Just wrapped up a live translation feature that watches an HLS live stream, live...

mjfisher · on July 24, 2023

That's really cool. Managing ports is something I've done in elixir yet, but managing ffmpeg through elixir could be very useful for a few things in my current area of focus.

Can you share any details of how that works? E.g. do you operate on a single HLS chunk at a time, or can you get ffmpeg to separate a continuous audio stream, etc?

ricketycricket · on July 24, 2023

davidw is right that ports are somewhat limited, but I haven't had much trouble doing what I need with FFmpeg in particular. I used the bash wrapper from the docs for Port [^1] and it has worked well.

When a stream starts I start a supervisor that then starts a GenServer to manage the port. On init a port is started for FFmpeg (using the above bash wrapper) with args that sends 16-bit PCM audio back to the port through the `handle_info/2` callback.

When a new live HLS segment is downloaded by FFmpeg the entire segment's audio is sent to the GenServer all at once (could be a few handle_info/2 calls, but it happens quickly). Since I want to work in small fixed chunks, I send the segment's audio to an AudioBuffer GenServer (started as a sibling under the same supervisor). This buffer uses binary pattern matching to segment the audio in chunks exactly 2 seconds long while keeping any remainder in the GenServer's state for the next buffer event. I then send the chunks to another ChunkBuffer GenServer that pops chunks at 2-second intervals for processing.

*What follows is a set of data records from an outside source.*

(* Let $M$ be a smooth manifold with a symmetric affine connection $\nabla$, Riemann tensor $R_{abc}{}^d$ and Ricci tensor $R_{ab}$. Then $$\nabla_a\nabla_m R_{bec}{}^m - \nabla_b\nabla_mR_{ace}{}^m + \nabla_c\nabla_m R_{eba}{}^m - \nabla_e\nabla_m R_{cab}{}^m = R_{am} R_{bec}{}^m - R_{bm}R_{ace}{}^m + R_{cm} R_{eba}{}^m -R_{em} R_{cab}{}^m .$$
   Context: Abstract index notation with Einstein summation. The connection has symmetric Christoffel symbols $\Gamma^c_{ab}$; $R_{abc}{}^d = \partial_a \Gamma_{bc}^d - \partial_b\Gamma_{ac}^d - \Gamma_{ac}^k\Gamma_{bk}^d + \Gamma_{ak}^d \Gamma_{bc}^k$ and $R_{ac}=R_{abc}{}^b$. *)

From HB Require Import structures.
From mathcomp Require Import all_boot all_order all_algebra.
Set Implicit Arguments. Unset Strict Implicit. Unset Printing Implicit Defensive.
Import GRing.Theory.
Local Open Scope ring_scope.

(* R : ring of (smooth) functions on a coordinate chart, n = dimension,
   d a : R -> R  the coordinate partial derivative  ∂_a,
   G c a b = Γ^c_{ab}  (Christoffel symbols).  *)

Definition Riem (R : comNzRingType) (n : nat) (d : 'I_n -> R -> R)
  (G : 'I_n -> 'I_n -> 'I_n -> R) (a b c dd : 'I_n) : R :=
  d a (G dd b c) - d b (G dd a c)
  - \sum_(k < n) G k a c * G dd b k + \sum_(k < n) G dd a k * G k b c.

Definition Ric (R : comNzRingType) (n : nat) (d : 'I_n -> R -> R)
  (G : 'I_n -> 'I_n -> 'I_n -> R) (a c : 'I_n) : R :=
  \sum_(b < n) Riem d G a b c b.

Definition nabla31 (R : comNzRingType) (n : nat) (d : 'I_n -> R -> R)
  (G : 'I_n -> 'I_n -> 'I_n -> R) (T : 'I_n -> 'I_n -> 'I_n -> 'I_n -> R)
  (a b e c m : 'I_n) : R :=
  d a (T b e c m)
  - \sum_(k < n) (G k a b * T k e c m + G k a e * T b k c m + G k a c * T b e k m)
  + \sum_(k < n) G m a k * T b e c k.

Definition nabla03 (R : comNzRingType) (n : nat) (d : 'I_n -> R -> R)
  (G : 'I_n -> 'I_n -> 'I_n -> R) (S : 'I_n -> 'I_n -> 'I_n -> R)
  (a b e c : 'I_n) : R :=
  d a (S b e c)
  - \sum_(k < n) (G k a b * S k e c + G k a e * S b k c + G k a c * S b e k).
(* Let $R$ be a monad on Sets and $LM$ a left $R$-module with values in Sets. Let $C\subset\coprod_{n}\prod_{i=0}^{n-1}LM([i])$, $\widetilde C\subset\coprod_n(\prod_{i=0}^nLM([i]))\times R([n])$, $Ceq\subset\coprod_n(\prod_{i=0}^{n-1}LM([i]))\times LM([n])^2$ and $\widetilde{Ceq}\subset\coprod_n(\prod_{i=0}^nLM([i]))\times R([n])^2$ be subsets satisfying the following conditions, for all sequences and elements for which the expressions are well formed (with $i=l(\Gamma_1)$ and $n=l(\Gamma)$): (1) $C,\widetilde C$ satisfy: (1.1) $(\rhd)$; (1.2) $(\Gamma,T\rhd)\Rightarrow(\Gamma\rhd)$; (1.3) $(\Gamma\vdash r:R)\Rightarrow(\Gamma,R\rhd)$; (1.4) $(\Gamma,T\rhd)\wedge(\Gamma,\Delta\vdash r:R)\Rightarrow(\Gamma,T,t_{n+1}\Delta\vdash t_{n+1}r:t_{n+1}R)$; (1.5) $(\Gamma\vdash s:S)\wedge(\Gamma,S,\Delta\vdash r:R)\Rightarrow(\Gamma,s_{n+1}(\Delta[s/n+1])\vdash s_{n+1}(r[s/n+1]):s_{n+1}(R[s/n+1]))$; (1.6) $(\Gamma,T\rhd)\Rightarrow(\Gamma,T\vdash n+1:t_{n+1}T)$; (2a) $(\Gamma\vdash T=T')\Rightarrow(\Gamma,T\rhd)$; (2b) $(\Gamma,T\rhd)\Rightarrow(\Gamma\vdash T=T)$; (2c) $(\Gamma\vdash T=T')\Rightarrow(\Gamma\vdash T'=T)$; (2d) $(\Gamma\vdash T=T')\wedge(\Gamma\vdash T'=T'')\Rightarrow(\Gamma\vdash T=T'')$; (3a) $(\Gamma\vdash o=o':T)\Rightarrow(\Gamma\vdash o:T)$; (3b) $(\Gamma\vdash o:T)\Rightarrow(\Gamma\vdash o=o:T)$; (3c) $(\Gamma\vdash o=o':T)\Rightarrow(\Gamma\vdash o'=o:T)$; (3d) $(\Gamma\vdash o=o':T)\wedge(\Gamma\vdash o'=o'':T)\Rightarrow(\Gamma\vdash o=o'':T)$; (4a) $(\Gamma_1\vdash T=T')\wedge(\Gamma_1,T,\Gamma_2\vdash S=S')\Rightarrow(\Gamma_1,T',\Gamma_2\vdash S=S')$; (4b) $(\Gamma_1\vdash T=T')\wedge(\Gamma_1,T,\Gamma_2\vdash o=o':S)\Rightarrow(\Gamma_1,T',\Gamma_2\vdash o=o':S)$; (4c) $(\Gamma\vdash S=S')\wedge(\Gamma\vdash o=o':S)\Rightarrow(\Gamma\vdash o=o':S')$; (5a) $(\Gamma_1,T\rhd)\wedge(\Gamma_1,\Gamma_2\vdash S=S')\Rightarrow(\Gamma_1,T,t_{i+1}\Gamma_2\vdash t_{i+1}S=t_{i+1}S')$; (5b) $(\Gamma_1,T\rhd)\wedge(\Gamma_1,\Gamma_2\vdash o=o':S)\Rightarrow(\Gamma_1,T,t_{i+1}\Gamma_2\vdash t_{i+1}o=t_{i+1}o':t_{i+1}S)$; (6a) $(\Gamma_1,T,\Gamma_2\vdash S=S')\wedge(\Gamma_1\vdash r:T)\Rightarrow(\Gamma_1,s_{i+1}(\Gamma_2[r/i+1])\vdash s_{i+1}(S[r/i+1])=s_{i+1}(S'[r/i+1]))$; (6b) $(\Gamma_1,T,\Gamma_2\vdash o=o':S)\wedge(\Gamma_1\vdash r:T)\Rightarrow(\Gamma_1,s_{i+1}(\Gamma_2[r/i+1])\vdash s_{i+1}(o[r/i+1])=s_{i+1}(o'[r/i+1]):s_{i+1}(S[r/i+1]))$; (7a) $(\Gamma_1,T,\Gamma_2,S\rhd)\wedge(\Gamma_1\vdash r=r':T)\Rightarrow(\Gamma_1,s_{i+1}(\Gamma_2[r/i+1])\vdash s_{i+1}(S[r/i+1])=s_{i+1}(S[r'/i+1]))$; (7b) $(\Gamma_1,T,\Gamma_2\vdash o:S)\wedge(\Gamma_1\vdash r=r':T)\Rightarrow(\Gamma_1,s_{i+1}(\Gamma_2[r/i+1])\vdash s_{i+1}(o[r/i+1])=s_{i+1}(o[r'/i+1]):s_{i+1}(S[r/i+1]))$. Then the relations $\sim$ on $C$ and $\simeq$ on $\widetilde C$ defined below are equivalence relations which form a regular congruence relation on the C-subsystem of $CC(R,LM)$ determined by $(C,\widetilde C)$, i.e. they satisfy conditions (a)–(f) listed below.
   Context: Notation: $[n]=\{1,\dots,n\}$. $R$ is a monad on Sets (unit $\eta$, Kleisli extension $\mathrm{bind}$, monad laws $\mathrm{bind}(\eta_X)=\mathrm{id}$, $\mathrm{bind}(f)\circ\eta_X=f$, $\mathrm{bind}(\mathrm{bind}(g)\circ f)=\mathrm{bind}(g)\circ\mathrm{bind}(f)$); $LM$ is a left $R$-module: functor with $\rho(f):LM(X)\to LM(Y)$ for $f:X\to R(Y)$, $\rho(\eta_X)=\mathrm{id}$, $\rho(g)\circ\rho(f)=\rho(\mathrm{bind}(g)\circ f)$. Elements of $Y$ are regarded in $R(Y)$ via $\eta_Y$; $E(f_1/1,\dots,f_m/m)$ is $\rho(f)(E)$ (for $E\in LM([m])$) or $\mathrm{bind}(f)(E)$ (for $E\in R([m])$), $f(i)=f_i$. For $E\in LM([m])$ or $R([m])$, $m\ge n$: $t_{n+1}E:=E(1/1,\dots,n/n,n+2/n+1,\dots,m+1/m)$; for $m\ge n+1$, $s\in R([n])$: $s_{n+1}(E[s/n+1]):=E(1/1,\dots,n/n,s/n+1,n+1/n+2,\dots,m-1/m)$ (an element of $LM([m-1])$ resp. $R([m-1])$). These are applied componentwise to sequences $\Delta=(D_1,\dots,D_k)$. Judgement notation: contexts are sequences $\Gamma=(T_1,\dots,T_n)$ with $T_j\in LM([j-1])$, $l(\Gamma)=n$, $ft(T_1,\dots,T_n)=(T_1,\dots,T_{n-1})$; commas denote concatenation. $(\Gamma\rhd)$ means $\Gamma\in C$; $(\Gamma\vdash t:T)$ ($T\in LM([n])$, $t\in R([n])$) means $(\Gamma,T,t)\in\widetilde C$; $(\Gamma\vdash S=S')$ ($S,S'\in LM([n])$) means $(\Gamma,S,S')\in Ceq$; $(\Gamma\vdash o=o':S)$ ($o,o'\in R([n])$) means $(\Gamma,S,o,o')\in\widetilde{Ceq}$. For $\mathcal J=(\Gamma\vdash t:T)\in\widetilde C$, $\partial(\mathcal J)=(\Gamma,T)$. Relations: for $\Gamma=(T_1,\dots,T_n),\Gamma'=(T'_1,\dots,T'_n)\in C$ (same length), $\Gamma\sim\Gamma'$ iff $n=0$, or $ft(\Gamma)\sim ft(\Gamma')$ and $(T_1,\dots,T_{n-1}\vdash T_n=T'_n)$ (defined recursively; sequences of different lengths are not related). For $(\Gamma\vdash o:S),(\Gamma'\vdash o':S')\in\widetilde C$: $(\Gamma\vdash o:S)\simeq(\Gamma'\vdash o':S')$ iff $(\Gamma,S)\sim(\Gamma',S')$ and $(\Gamma\vdash o=o':S)$. Operations of $CC(R,LM)$ (with $n=l(\Gamma)$): $T((\Gamma,T),(\Gamma,\Delta))=(\Gamma,T,t_{n+1}\Delta)$; $\widetilde T((\Gamma,T),(\Gamma,\Delta\vdash r:R))=(\Gamma,T,t_{n+1}\Delta\vdash t_{n+1}r:t_{n+1}R)$; $S((\Gamma\vdash s:S),(\Gamma,S,\Delta))=(\Gamma,s_{n+1}(\Delta[s/n+1]))$; $\widetilde S((\Gamma\vdash s:S),(\Gamma,S,\Delta\vdash r:R))=(\Gamma,s_{n+1}(\Delta[s/n+1])\vdash s_{n+1}(r[s/n+1]):s_{n+1}(R[s/n+1]))$; $\delta(\Gamma,T)=(\Gamma,T\vdash n+1:t_{n+1}T)$. Regular congruence conditions for relations $\sim$ on $C$, $\simeq$ on $\widetilde C$: (a) both are equivalence relations; (b) $\Gamma\sim\Gamma'$ implies $l(\Gamma)=l(\Gamma')$ and $ft(\Gamma)\sim ft(\Gamma')$; (c) $\mathcal J\simeq\mathcal J'$ implies $\partial\mathcal J\sim\partial\mathcal J'$; (d) if $(\Gamma,T)\in C$, $\Gamma'\in C$ and $\Gamma\sim\Gamma'$, then there is $(\Gamma',T')\in C$ with $(\Gamma,T)\sim(\Gamma',T')$; (e) if $\mathcal J\in\widetilde C$, $F\in C$ and $\partial\mathcal J\sim F$, then there is $\mathcal J'\in\widetilde C$ with $\partial\mathcal J'=F$ and $\mathcal J\simeq\mathcal J'$; (f) $\sim,\simeq$ are compatible with $T,\widetilde T,S,\widetilde S,\delta$: whenever the arguments lie in $C$/$\widetilde C$, are pairwise related by $\sim$/$\simeq$, and both applications are defined, the results are related by $\sim$ (for $T,S$) or $\simeq$ (for $\widetilde T,\widetilde S,\delta$). *)

From HB Require Import structures.
From mathcomp Require Import all_boot zify.
Set Implicit Arguments. Unset Strict Implicit. Unset Printing Implicit Defensive.

(* The finite set [n] = {1,...,n} is represented by 'I_n, the element *)
(* j of [n] being the ordinal j-1.                                    *)

Record monad := Monad {
  mon :> Type -> Type;
  eta : forall X, X -> mon X;
  bind : forall X Y, (X -> mon Y) -> mon X -> mon Y;
  bind_eta : forall X (x : mon X), bind (@eta X) x = x;
  bind_etaK : forall X Y (f : X -> mon Y) (x : X), bind f (eta x) = f x;
  bind_bind : forall X Y Z (f : X -> mon Y) (g : Y -> mon Z) (x : mon X),
      bind (fun y => bind g (f y)) x = bind g (bind f x) }.

Record lmodule (R : monad) := LModule {
  lmod :> Type -> Type;
  rho : forall X Y, (X -> R Y) -> lmod X -> lmod Y;
  rho_eta : forall X (E : lmod X), rho (@eta R X) E = E;
  rho_rho : forall X Y Z (f : X -> R Y) (g : Y -> R Z) (E : lmod X),
      rho g (rho f E) = rho (fun x => bind g (f x)) E }.

Lemma bump_ltS (n m : nat) (i : 'I_m) : bump n i < m.+1.
Proof. have := ltn_ord i; rewrite /bump; case: (n <= i) => /=; lia. Qed.

Lemma pred_ord_lt (n m' : nat) (i : 'I_m'.+1) : n < i -> i.-1 < m'.
Proof. have := ltn_ord i; lia. Qed.

Section Ops.
Variable R : monad.
(* F is either R itself (acting by bind) or a left module (acting by rho) *)
Variable F : Type -> Type.
Variable act : forall X Y, (X -> R Y) -> F X -> F Y.

(* elements of the coproduct over m of F([m]) *)
Definition dep := {m : nat & F 'I_m}.

(* the variable renaming 1/1,...,n/n, n+2/n+1, ..., m+1/m  : [m] -> R([m+1]) *)
Definition tfun (n m : nat) (i : 'I_m) : R 'I_m.+1 := eta R (Ordinal (bump_ltS n i)).

Definition tsh (n : nat) (d : dep) : dep :=
  let: existT m E := d in existT _ m.+1 (act (@tfun n m) E).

Since everything is supervised, if (when...) FFmpeg crashes the supervisor just restarts it. Meanwhile, the audio in the buffer is still processing and nothing goes down. There might be a duplicate word or two in the transcription if the restarted port processes a segment again, but everything keeps running smoothly.

For even more reliability, I have the application running clustered across four locations in the US, EMEA, and APAC using libcluster[^2]. The stream supervisor is started under a Horde.DynamicSupervisor[^3] with a custom distribution strategy. The strategy prefers the region closest to the company HQ, but if it goes down, the processes will be restarted in another region.

[^1]: https://hexdocs.pm/elixir/1.13.4/Port.html#module-zombie-ope...

[^2}: https://github.com/bitwalker/libcluster

[^3]: https://github.com/derekkraan/horde

mjfisher · on July 27, 2023

Absolutely fantastic write up - thank you so much. I will go away and do some further reading!

davidw · on July 24, 2023

https://github.com/saleyn/erlexec is pretty good for handling external processes. The builtins aren't quite there if you have more complex use cases.